Tennessee bill unraveling local say over pipelines advances
The Tennessee Senate has passed a bill that would largely strip the ability of local governments to stop oil and gas pipelines and other fossil fuel infrastructure projects if they don’t want them in their cities and counties.
The Senate’s 22-7 vote Thursday moves the action in the GOP-supermajority Legislature to the House, where the bill still needs further committee action. Advocates peg the proposal as protective of crucial energy resources.
The bill comes on the heels of a win by environmentalists in July, when Byhalia Connection canceled plans to build an oil pipeline through southwest Tennessee and north Mississippi. It would have been built over an aquifer that provides drinking water to 1 million people.
Justin J. Pearson, president of Memphis Community Against Pollution, helped lead the charge against that pipeline and opposes the new bill. He said the legislation helps oil and petroleum companies “exploit communities by taking their away their ability to protect their own water, their homes, schools, churches.”
“The legislation flies in the face of every conservative principle of right to local control, giving self-determination and protection of people’s property and land,” he said.
Bill sponsor Sen. Ken Yager, a Kingston Republican, said the pipelines run through multiple cities and counties and are heavily regulated at the federal level, which requires taking public comment. Yager said the current legal setup can result in a patchwork of regulations that only serves “to hurt our Tennessee economy.”
He also said his bill has some limits. It specifically does not remove local authority over wind and solar projects. It doesn’t prohibit local officials from taking action when there’s a conflict with a program administered or approved by the state, including groundwater and drinking water protections.
“We have seen the experience nationally and even in Tennessee where local governments are, through their ordinance or resolution, trying to micromanage some of the operation of this infrastructure,” Yager said.
Yager said the Tennessee Chamber of Commerce and Tennessee Fuel & Convenience Store Association asked him to carry the bill.
Sen. Raumesh Akbari, the Democratic caucus leader from Memphis, said the bill undoes local decision-making on a key issue for communities.
“This is a very serious scenario where it potentially could have devastating effects in someone’s neighborhood,” Akbari said.
The Byhalia Connection would have linked two major U.S. oil pipelines while running through wetlands and under poor, predominantly Black neighborhoods in south Memphis.
The pipeline’s lawyers sought eminent domain, long invoked by governments to claim private property for public-use projects.
Last April, Byhalia Connection said it was going to pause the legal action after the Memphis City Council began considering an ordinance that would have made it harder for the company to build the pipeline.

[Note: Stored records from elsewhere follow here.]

(* Let $\mathcal A_V$ be the algebra of Laurent polynomials in $a_V,b_V,c_V,d_V$ with the log-canonical Poisson bracket $\{a_V,b_V\}=a_Vb_V$, $\{a_V,c_V\}=0$, $\{a_V,d_V\}=-\tfrac12 a_Vd_V$, $\{b_V,c_V\}=0$, $\{b_V,d_V\}=-\tfrac12 b_Vd_V$, $\{c_V,d_V\}=-\tfrac12 c_Vd_V$. Let $\mathcal A_{III}$ be the algebra of Laurent polynomials in $a,b,c,d,e,f,g,h$ with the log-canonical bracket $\{a,b\}=\tfrac12 ab,\ \{a,c\}=0,\ \{a,d\}=-\tfrac14 ad,\ \{a,e\}=\tfrac14 ae,\ \{a,f\}=\tfrac14 af,\ \{a,g\}=-\tfrac14 ag,\ \{a,h\}=\tfrac14 ah,$ $\{b,c\}=0,\ \{b,d\}=-\tfrac14 bd,\ \{b,e\}=\tfrac14 be,\ \{b,f\}=-\tfrac14 bf,\ \{b,g\}=-\tfrac14 bg,\ \{b,h\}=\tfrac14 bh,$ $\{c,d\}=-\tfrac12 cd,\ \{c,e\}=\tfrac12 ce,\ \{c,f\}=\{c,g\}=\{c,h\}=0,$ $\{d,e\}=0,\ \{d,f\}=\tfrac14 df,\ \{d,g\}=\{d,h\}=0,$ $\{e,f\}=-\tfrac14 ef,\ \{e,g\}=\{e,h\}=0,\ \{f,g\}=\tfrac14 fg,\ \{f,h\}=-\tfrac14 fh,\ \{h,g\}=0$. Then the assignment $a_V\mapsto af$, $b_V\mapsto bf$, $c_V\mapsto c$, $d_V\mapsto d$ defines an injective Poisson homomorphism $\mathcal A_V\to\mathcal A_{III}$, realising $\mathcal A_V$ as the Poisson subalgebra of functions of $af,bf,c,d$; moreover $h$ and $g$ Poisson commute with this subalgebra.
   Context: A log-canonical bracket is extended from the generators to all Laurent polynomials by bilinearity, antisymmetry and the Leibniz rule. *)

From HB Require Import structures.
From mathcomp Require Import all_boot all_order all_algebra.
From mathcomp Require Import freeg.
Set Implicit Arguments. Unset Strict Implicit. Unset Printing Implicit Defensive.
Import Order.TTheory GRing.Theory Num.Theory.
Local Open Scope ring_scope.

(* Laurent polynomials in n variables x_0..x_{n-1} over R: finite formal
   R-linear combinations of monomials x^a, with exponent a in Z^n
   (a row vector of integers). *)
Notation expo n := 'rV[int]_n.
Notation LP R n := {freeg 'rV[int]_n / R}.

Definition mono (R : fieldType) (n : nat) (a : expo n) : LP R n := << a >>.
Definition LP1 (R : fieldType) (n : nat) : LP R n := mono R (0 : expo n).
Definition gen (R : fieldType) (n : nat) (i : 'I_n) : LP R n :=
  mono R (delta_mx 0 i : expo n).

Definition LPmul (R : fieldType) (n : nat) (p q : LP R n) : LP R n :=
  \sum_(a <- dom p) \sum_(b <- dom q)
     << coeff a p * coeff b q *g (a + b) >>.

(* log-canonical bracket with structure matrix Om ({x_i,x_j} = Om i j x_i x_j),
   extended by bilinearity and Leibniz; on monomials
   {x^a, x^b} = (sum_{i,j} a_i b_j Om i j) x^(a+b). *)
Definition omega (R : fieldType) (n : nat) (Om : 'M[R]_n) (a b : expo n) : R :=
  \sum_(i < n) \sum_(j < n) ((a 0 i)%:~R * (b 0 j)%:~R * Om i j).

Definition LPbr (R : fieldType) (n : nat) (Om : 'M[R]_n) (p q : LP R n) : LP R n :=
  \sum_(a <- dom p) \sum_(b <- dom q)
     << coeff a p * coeff b q * omega Om a b *g (a + b) >>.

Definition antisym (R : fieldType) (n : nat) (u : nat -> nat -> R) : 'M[R]_n :=
  \matrix_(i < n, j < n)
    (if (i < j)%N then u i j else if (j < i)%N then - u j i else 0).

Definition half (R : fieldType) : R := (2%:R)^-1.
Definition quarter (R : fieldType) : R := (4%:R)^-1.

(* A_V: variables a_V,b_V,c_V,d_V = x_0,x_1,x_2,x_3 *)
Definition uV (R : fieldType) (i j : nat) : R :=
  match i, j with
  | 0, 1 => 1
  | 0, 3 => - half R
  | 1, 3 => - half R
  | 2, 3 => - half R
  | _, _ => 0
  end.
Definition OmV (R : fieldType) : 'M[R]_4 := antisym 4 (uV R).

(* A_III: variables a,b,c,d,e,f,g,h = x_0,...,x_7 *)
Definition uIII (R : fieldType) (i j : nat) : R :=
  match i, j with
  | 0, 1 => half R | 0, 3 => - quarter R | 0, 4 => quarter R
  | 0, 5 => quarter R | 0, 6 => - quarter R | 0, 7 => quarter R
  | 1, 3 => - quarter R | 1, 4 => quarter R | 1, 5 => - quarter R
  | 1, 6 => - quarter R | 1, 7 => quarter R
  | 2, 3 => - half R | 2, 4 => half R
  | 3, 5 => quarter R
  | 4, 5 => - quarter R
  | 5, 6 => quarter R | 5, 7 => - quarter R
  | _, _ => 0
  end.
Definition OmIII (R : fieldType) : 'M[R]_8 := antisym 8 (uIII R).

Definition LPhom (R : fieldType) (n m : nat) (phi : LP R n -> LP R m) : Prop :=
  [/\ forall p q, phi (p + q) = phi p + phi q,
      forall (c : R) p, phi (c *: p) = c *: phi p,
      forall p q, phi (LPmul p q) = LPmul (phi p) (phi q)
    & phi (LP1 R n) = LP1 R m].

Definition poisson_hom (R : fieldType) (n m : nat) (On : 'M[R]_n) (Om : 'M[R]_m)
  (phi : LP R n -> LP R m) : Prop :=
  LPhom phi /\ forall p q, phi (LPbr On p q) = LPbr Om (phi p) (phi q).

Definition xV (R : fieldType) (i : 'I_4) : LP R 4 := gen R i.
Definition xIII (R : fieldType) (i : 'I_8) : LP R 8 := gen R i.

Definition assignV (R : fieldType) (phi : LP R 4 -> LP R 8) : Prop :=
  [/\ phi (xV R (inord 0)) = LPmul (xIII R (inord 0)) (xIII R (inord 5)),
      phi (xV R (inord 1)) = LPmul (xIII R (inord 1)) (xIII R (inord 5)),
      phi (xV R (inord 2)) = xIII R (inord 2)
    & phi (xV R (inord 3)) = xIII R (inord 3)].

From Pilot Require Import Defs.
From HB Require Import structures.
From mathcomp Require Import all_boot all_order all_algebra.
From mathcomp Require Import freeg ring.
Set Implicit Arguments. Unset Strict Implicit. Unset Printing Implicit Defensive.
Import Order.TTheory GRing.Theory Num.Theory.
Local Open Scope ring_scope.

(* An additive map [f] of exponent lattices with a left inverse induces an
   injective algebra map [x^a |-> x^(f a)], and this map intertwines two
   log-canonical brackets as soon as [f] pulls the bilinear form of the target
   back to that of the source.  The assignment [a_V |-> af, b_V |-> bf,
   c_V |-> c, d_V |-> d] is of this kind, and it determines the algebra map,
   since monomials are products of generators and their inverses.  Finally
   [g] and [h] commute with the image because the corresponding rows of the
   structure matrix vanish on every exponent [f a]; e.g. [{h, af} = 0] since
   [{h, a} = -1/4 ha] and [{h, f} = 1/4 hf]. *)

Definition LPbilin (R : fieldType) (n : nat) (k : expo n -> expo n -> R)
    (p q : LP R n) : LP R n :=
  \sum_(a <- dom p) \sum_(b <- dom q)
     << coeff a p * coeff b q * k a b *g (a + b) >>.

Activists held community rallies, including one attended by former Vice President Al Gore. Lawyers sued in federal court, challenging the U.S. Army Corps of Engineers’ approval of the pipeline under a nationwide permit. The Shelby County Commission refused to sell to the pipeline builder two parcels of land that sit on the planned route.
Byhalia Connection attributed the cancelation of the project to “lower U.S. oil production resulting from the COVID-19 pandemic.”
One company involved in the pipeline, Plains All American, told USA Today Network-Tennessee it does not have plans to take another shot at the Byhalia Connection.